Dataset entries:
(** A map of polynomials [p -> q]: forward on positions, backward on
    directions.  (Hom(p,q) = prod_i sum_j p[i]^{q[j]}.) *)
Definition Map (p q : Poly) : Type :=
  forall i : pos p, { j : pos q & dir q j -> dir p i }.

Definition idm (p : Poly) : Map p p :=
  fun i => existT (fun j => dir p j -> dir p i) i (fun a => a).

Definition comp (p q r : Poly) (g : Map q r) (f : Map p q) : Map p r :=
  fun i =>
    existT (fun k => dir r k -> dir p i)
      (projT1 (g (projT1 (f i))))
      (fun z => projT2 (f i) (projT2 (g (projT1 (f i))) z)).
Arguments comp {p q r} g f.

Definition yP : Poly := mkPoly unit (fun _ => unit).

Definition tri (p q : Poly) : Poly :=
  mkPoly { i : pos p & dir p i -> pos q }
         (fun ig => { a : dir p (projT1 ig) & dir q (projT2 ig a) }).
Infix "◁" := tri (at level 40, left associativity).

Definition trim (p p' q q' : Poly) (f : Map p p') (g : Map q q')
  : Map (p ◁ q) (p' ◁ q') :=
  fun ih =>
    existT (fun jk : pos (p' ◁ q') => dir (p' ◁ q') jk -> dir (p ◁ q) ih)
      (existT (fun j => dir p' j -> pos q')
         (projT1 (f (projT1 ih)))
         (fun a' => projT1 (g (projT2 ih (projT2 (f (projT1 ih)) a')))))
      (fun d =>
         existT (fun a => dir q (projT2 ih a))
           (projT2 (f (projT1 ih)) (projT1 d))
           (projT2 (g (projT2 ih (projT2 (f (projT1 ih)) (projT1 d)))) (projT2 d))).
Arguments trim {p p' q q'} f g.

Definition assoc (p q r : Poly) : Map ((p ◁ q) ◁ r) (p ◁ (q ◁ r)) :=
  fun x =>
    existT (fun jk : pos (p ◁ (q ◁ r)) => dir (p ◁ (q ◁ r)) jk -> dir ((p ◁ q) ◁ r) x)
      (existT (fun i => dir p i -> pos (q ◁ r))
         (projT1 (projT1 x))
         (fun a => existT (fun j => dir q j -> pos r)
                     (projT2 (projT1 x) a)
                     (fun b => projT2 x (existT (fun a0 => dir q (projT2 (projT1 x) a0)) a b))))
      (fun d =>
         existT (fun ab : dir (p ◁ q) (projT1 x) => dir r (projT2 x ab))
           (existT (fun a0 => dir q (projT2 (projT1 x) a0)) (projT1 d) (projT1 (projT2 d)))
           (projT2 (projT2 d))).
Arguments assoc {p q r}.

Definition lunit (p : Poly) : Map (yP ◁ p) p :=
  fun x => existT (fun j => dir p j -> dir (yP ◁ p) x) (projT2 x tt)
             (fun a => existT (fun u => dir p (projT2 x u)) tt a).
Definition runit (p : Poly) : Map (p ◁ yP) p :=
  fun x => existT (fun j => dir p j -> dir (p ◁ yP) x) (projT1 x)
             (fun a => existT (fun _ => unit) a tt).
Arguments lunit {p}.
Arguments runit {p}.

Definition is_comonoid (c : Poly) (eps : Map c yP) (del : Map c (c ◁ c)) : Prop :=
  comp lunit (comp (trim eps (idm c)) del) = idm c
  /\ comp runit (comp (trim (idm c) eps) del) = idm c
  /\ comp assoc (comp (trim del (idm c)) del) = comp (trim (idm c) del) del.

Record Comonoid : Type := mkComonoid {
  carrier : Poly;
  eps : Map carrier yP;
  del : Map carrier (carrier ◁ carrier);
  comonoid_laws : is_comonoid eps del }.

Definition is_cohom (C C' : Comonoid) (f : Map (carrier C) (carrier C')) : Prop :=
  comp (eps C') f = eps C /\ comp (del C') f = comp (trim f f) (del C).

Record Bicomod (C D : Comonoid) (p : Poly) : Type := mkBicomod {
  lco : Map p (carrier C ◁ p);
  rco : Map p (p ◁ carrier D);
  lco_counit : comp lunit (comp (trim (eps C) (idm p)) lco) = idm p;
  lco_coassoc : comp assoc (comp (trim (del C) (idm p)) lco)
                = comp (trim (idm (carrier C)) lco) lco;
  rco_counit : comp runit (comp (trim (idm p) (eps D)) rco) = idm p;
  rco_coassoc : comp assoc (comp (trim rco (idm (carrier D))) rco)
                = comp (trim (idm p) (del D)) rco;
  lr_compat : comp assoc (comp (trim lco (idm (carrier D))) rco)
              = comp (trim (idm (carrier C)) rco) lco }.
Arguments lco {C D p}.
Arguments rco {C D p}.

Definition is_bimap (C D : Comonoid) (p q : Poly)
  (P : Bicomod C D p) (Q : Bicomod C D q) (f : Map p q) : Prop :=
  comp (lco Q) f = comp (trim (idm (carrier C)) f) (lco P)
  /\ comp (rco Q) f = comp (trim f (idm (carrier D))) (rco P).

Definition regBicomod (C : Comonoid) : Bicomod C C (carrier C).
Proof.
  destruct C as [c e d [H1 [H2 H3]]]; simpl.
  exact (@mkBicomod (mkComonoid (conj H1 (conj H2 H3)))
                    (mkComonoid (conj H1 (conj H2 H3))) c d d H1 H3 H2 H3 H3).
Defined.

(** Maps into the composite [e ◁_C q] (the equalizer of
    [e ◁ q ⇉ e ◁ C ◁ q]) are represented by maps into [e ◁ q] that equalize
    the parallel pair; since the equalizer inclusion is monic (and [◁]
    preserves monos), equations between maps into such composites are stated
    after composing with the inclusions. *)

Definition equalizes (C D D' : Comonoid) (e q : Poly)
  (Be : Bicomod C D e) (Bq : Bicomod D D' q) (X : Poly) (f : Map X (e ◁ q)) : Prop :=
  comp assoc (comp (trim (rco Be) (idm q)) f) = comp (trim (idm e) (lco Bq)) f.

Record Comonad (C : Comonoid) : Type := mkComonad {
  cm : Poly;
  cm_bi : Bicomod C C cm;
  cm_eps : Map cm (carrier C);
  cm_eps_bimap : is_bimap cm_bi (regBicomod C) cm_eps;
  cm_del : Map cm (cm ◁ cm);
  cm_del_eq : equalizes cm_bi cm_bi cm_del;
  cm_del_bimap_l : comp assoc (comp (trim (lco cm_bi) (idm cm)) cm_del)
                   = comp (trim (idm (carrier C)) cm_del) (lco cm_bi);
  cm_del_bimap_r : comp (trim (idm cm) (rco cm_bi)) cm_del
                   = comp assoc (comp (trim cm_del (idm (carrier C))) (rco cm_bi));
  (* counit laws: (ε ◁_C e) ∘ δ ≅ id, (e ◁_C ε) ∘ δ ≅ id *)
  cm_counit_l : comp (trim cm_eps (idm cm)) cm_del = lco cm_bi;
  cm_counit_r : comp (trim (idm cm) cm_eps) cm_del = rco cm_bi;
  cm_coassoc : comp assoc (comp (trim cm_del (idm cm)) cm_del)
               = comp (trim (idm cm) cm_del) cm_del }.
Arguments cm {C}.
Arguments cm_bi {C}.
Arguments cm_eps {C}.
Arguments cm_del {C}.

Definition inducedComonoid (C : Comonoid) (E : Comonad C)
  (H : is_comonoid (comp (eps C) (cm_eps E)) (cm_del E)) : Comonoid :=
  mkComonoid H.
Arguments inducedComonoid {C E} H.

Record ECBicomod (C D : Comonoid) (E : Comonad C) (p : Poly) : Type := mkECBicomod {
  ecb : Bicomod C D p;
  mu : Map p (cm E ◁ p);
  mu_eq : equalizes (cm_bi E) ecb mu;
  mu_bimap_l : comp assoc (comp (trim (lco (cm_bi E)) (idm p)) mu)
               = comp (trim (idm (carrier C)) mu) (lco ecb);
  mu_bimap_r : comp (trim (idm (cm E)) (rco ecb)) mu
               = comp assoc (comp (trim mu (idm (carrier D))) (rco ecb));
  (* counit: (ε ◁_C p) ∘ mu ≅ id *)
  mu_counit : comp (trim (cm_eps E) (idm p)) mu = lco ecb;
  mu_coassoc : comp assoc (comp (trim (cm_del E) (idm p)) mu)
               = comp (trim (idm (cm E)) mu) mu }.
Arguments ecb {C D E p}.
Arguments mu {C D E p}.

Definition is_ecmap (C D : Comonoid) (E : Comonad C) (p q : Poly)
  (P : ECBicomod D E p) (Q : ECBicomod D E q) (f : Map p q) : Prop :=
  is_bimap (ecb P) (ecb Q) f /\ comp (mu Q) f = comp (trim (idm (cm E)) f) (mu P).

(** Everything reduces to the structure of (Poly, y, ◁) as a monoidal
    category (composition and the associator are strictly associative and
    natural, ◁ is functorial) plus one transport principle: pushing a
    coassociative e-coaction [λ : p -> e ◁ p] forward along a map
    [ε : e -> c] that intertwines the comultiplications yields a
    coassociative c-coaction [(ε ◁ p) ∘ λ], and [λ] is then automatically
    compatible with the right c-coaction [(e ◁ ε) ∘ δ] of [e] and with the
    induced c-coactions.  Given this:
    - the comonad counit/coassociativity laws are the comonoid laws for
      [(e, ε_C ∘ ε, δ)], and [ε] is a cofunctor (Section [ComonadCarrier]);
    - an (E,D)-bicomodule [(λ, ρ)] becomes an E-comodule over the
      (C,D)-bicomodule [((ε ◁ p) ∘ λ, ρ)]; conversely, an E-comodule [μ]
      on a (C,D)-bicomodule is itself the left E-coaction.  The two
      constructions are mutually inverse (the comodule counit law says the
      C-coaction is recovered from [μ]) and identify the morphisms. *)
From Stdlib Require Import FunctionalExtensionality ProofIrrelevance.
Set Implicit Arguments.

Lemma comp_idl (p q : Poly) (f : Map p q) : comp (idm q) f = f.
Proof.
  apply functional_extensionality_dep; intro i; unfold comp, idm; simpl.
  destruct (f i); reflexivity.
Qed.

Lemma comp_idr (p q : Poly) (f : Map p q) : comp f (idm p) = f.
Proof.
  apply functional_extensionality_dep; intro i; unfold comp, idm; simpl.
  destruct (f i); reflexivity.
Qed.

Lemma comp_assoc (p q r s : Poly) (h : Map r s) (g : Map q r) (f : Map p q) :
  comp h (comp g f) = comp (comp h g) f.
Proof. reflexivity. Qed.

Lemma trim_id (p q : Poly) : trim (idm p) (idm q) = idm (p ◁ q).
Proof.
  apply functional_extensionality_dep; intros [i h]; unfold trim, idm; simpl.
  f_equal; apply functional_extensionality; intros [a b]; reflexivity.
Qed.

Lemma trim_comp (p p' p'' q q' q'' : Poly) (f : Map p' p'') (f' : Map p p')
  (g : Map q' q'') (g' : Map q q') :
  comp (trim f g) (trim f' g') = trim (comp f f') (comp g g').
Proof. reflexivity. Qed.

Lemma assoc_nat (p p' q q' r r' : Poly) (f : Map p p') (g : Map q q') (h : Map r r') :
  comp assoc (trim (trim f g) h) = comp (trim f (trim g h)) assoc.
Proof. reflexivity. Qed.

(** Consequences of bifunctoriality for whiskered maps, stated after a
    precomposition [k] so that they apply inside composite chains. *)
Lemma whisker_l_comp (p q r s X : Poly) (f : Map q r) (f' : Map p q) (k : Map X (p ◁ s)) :
  comp (trim f (idm s)) (comp (trim f' (idm s)) k) = comp (trim (comp f f') (idm s)) k.
Proof.
  change (comp (trim (comp f f') (comp (idm s) (idm s))) k
          = comp (trim (comp f f') (idm s)) k).
  rewrite comp_idl; reflexivity.
Qed.

Lemma whisker_r_comp (p q r s X : Poly) (g : Map q r) (g' : Map p q) (k : Map X (s ◁ p)) :
  comp (trim (idm s) g) (comp (trim (idm s) g') k) = comp (trim (idm s) (comp g g')) k.
Proof.
  change (comp (trim (comp (idm s) (idm s)) (comp g g')) k
          = comp (trim (idm s) (comp g g')) k).
  rewrite comp_idl; reflexivity.
Qed.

What you should do: Wherever "Prop" appears in a line of the entries, copy that line.

Written reply:
Definition is_comonoid (c : Poly) (eps : Map c yP) (del : Map c (c ◁ c)) : Prop :=
Definition is_cohom (C C' : Comonoid) (f : Map (carrier C) (carrier C')) : Prop :=
  (P : Bicomod C D p) (Q : Bicomod C D q) (f : Map p q) : Prop :=
  (Be : Bicomod C D e) (Bq : Bicomod D D' q) (X : Poly) (f : Map X (e ◁ q)) : Prop :=
  (P : ECBicomod D E p) (Q : ECBicomod D E q) (f : Map p q) : Prop :=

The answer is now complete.